Saved data entries:
===============
Record banach_rect_fun_space (X : set (T -> R)) (N : (T -> R) -> R) : Prop := {
  brfs_meas : forall f, X f -> measurable_fun setT f;
  brfs_ae_sat : forall f g, X f -> measurable_fun setT g ->
    {ae mu, forall x, f x = g x} -> X g;
  brfs_zero : X (fun _ => 0);
  brfs_add : forall f g, X f -> X g -> X (fun x => f x + g x);
  brfs_scale : forall (a : R) f, X f -> X (fun x => a * f x);
  brfs_norm_ae : forall f g, X f -> X g ->
    {ae mu, forall x, f x = g x} -> N f = N g;
  brfs_norm_def : forall f, X f -> (N f = 0 <-> {ae mu, forall x, f x = 0});
  brfs_norm_triangle : forall f g, X f -> X g ->
    N (fun x => f x + g x) <= N f + N g;
  brfs_norm_homog : forall (a : R) f, X f -> N (fun x => a * f x) = `|a| * N f;
  brfs_complete : forall u : nat -> T -> R, (forall n, X (u n)) ->
    (forall e : R, 0 < e -> exists M : nat, forall m n : nat, (M <= m)%N -> (M <= n)%N ->
        N (fun x => u n x - u m x) < e) ->
    exists2 f, X f & (N (fun x => u n x - f x)) @[n --> \oo] --> 0;
  brfs_rect : exists2 C : R, 0 < C & forall f A, X f -> measurable A ->
    X (fun x => \1_A x * f x) /\ N (fun x => \1_A x * f x) <= C * N f
}.

Definition subsequence_property (X : set (T -> R)) (N : (T -> R) -> R) : Prop :=
  forall (u : nat -> T -> R) (f : T -> R), (forall n, X (u n)) -> X f ->
    (N (fun x => u n x - f x)) @[n --> \oo] --> 0 ->
    exists phi : nat -> nat, (forall n, (phi n < phi n.+1)%N) /\
      {ae mu, forall x, ((fun n => u (phi n) x) : nat -> R) @ \oo --> f x}.

(* (ii) continuity of the inclusion X(mu) -> L^0(mu), L^0(mu) carrying the
   topology of convergence in measure, whose basic neighbourhoods of f are
   {g : mu [set x | eps < |g x - f x|] < delta}, eps, delta > 0. *)
Definition inclusion_L0_continuous (X : set (T -> R)) (N : (T -> R) -> R) : Prop :=
  forall f, X f -> forall eps delta : R, 0 < eps -> 0 < delta ->
    exists2 eta : R, 0 < eta & forall g, X g -> N (fun x => g x - f x) < eta ->
      lt_ereal (mu [set x | eps < `|g x - f x|]) delta%:E.

Definition pos_cone (X : set (T -> R)) : set (T -> R) :=
  [set f | X f /\ {ae mu, forall x, 0 <= f x}].

Definition pos_cone_closed (X : set (T -> R)) (N : (T -> R) -> R) : Prop :=
  forall g, X g ->
    (forall eta : R, 0 < eta -> exists2 f, pos_cone X f & N (fun x => f x - g x) < eta) ->
    pos_cone X g.

End Defs.

From Pilot Require Import Defs.
From HB Require Import structures.
From mathcomp Require Import all_boot all_order all_algebra.
From mathcomp Require Import all_classical all_reals all_analysis.
From mathcomp Require Import lra measurable_realfun.
Import Order.TTheory GRing.Theory Num.Theory numFieldNormedType.Exports.
Local Open Scope classical_set_scope.
Local Open Scope ring_scope.
Set Implicit Arguments. Unset Strict Implicit.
===============
▸ Assignment:
Your reply must contain exactly the lines from the first line of the data through the line holding "topology of convergence", and nothing more.

▸ Response to this task:
Record banach_rect_fun_space (X : set (T -> R)) (N : (T -> R) -> R) : Prop := {
  brfs_meas : forall f, X f -> measurable_fun setT f;
  brfs_ae_sat : forall f g, X f -> measurable_fun setT g ->
    {ae mu, forall x, f x = g x} -> X g;
  brfs_zero : X (fun _ => 0);
  brfs_add : forall f g, X f -> X g -> X (fun x => f x + g x);
  brfs_scale : forall (a : R) f, X f -> X (fun x => a * f x);
  brfs_norm_ae : forall f g, X f -> X g ->
    {ae mu, forall x, f x = g x} -> N f = N g;
  brfs_norm_def : forall f, X f -> (N f = 0 <-> {ae mu, forall x, f x = 0});
  brfs_norm_triangle : forall f g, X f -> X g ->
    N (fun x => f x + g x) <= N f + N g;
  brfs_norm_homog : forall (a : R) f, X f -> N (fun x => a * f x) = `|a| * N f;
  brfs_complete : forall u : nat -> T -> R, (forall n, X (u n)) ->
    (forall e : R, 0 < e -> exists M : nat, forall m n : nat, (M <= m)%N -> (M <= n)%N ->
        N (fun x => u n x - u m x) < e) ->
    exists2 f, X f & (N (fun x => u n x - f x)) @[n --> \oo] --> 0;
  brfs_rect : exists2 C : R, 0 < C & forall f A, X f -> measurable A ->
    X (fun x => \1_A x * f x) /\ N (fun x => \1_A x * f x) <= C * N f
}.

Definition subsequence_property (X : set (T -> R)) (N : (T -> R) -> R) : Prop :=
  forall (u : nat -> T -> R) (f : T -> R), (forall n, X (u n)) -> X f ->
    (N (fun x => u n x - f x)) @[n --> \oo] --> 0 ->
    exists phi : nat -> nat, (forall n, (phi n < phi n.+1)%N) /\
      {ae mu, forall x, ((fun n => u (phi n) x) : nat -> R) @ \oo --> f x}.

(* (ii) continuity of the inclusion X(mu) -> L^0(mu), L^0(mu) carrying the
   topology of convergence in measure, whose basic neighbourhoods of f are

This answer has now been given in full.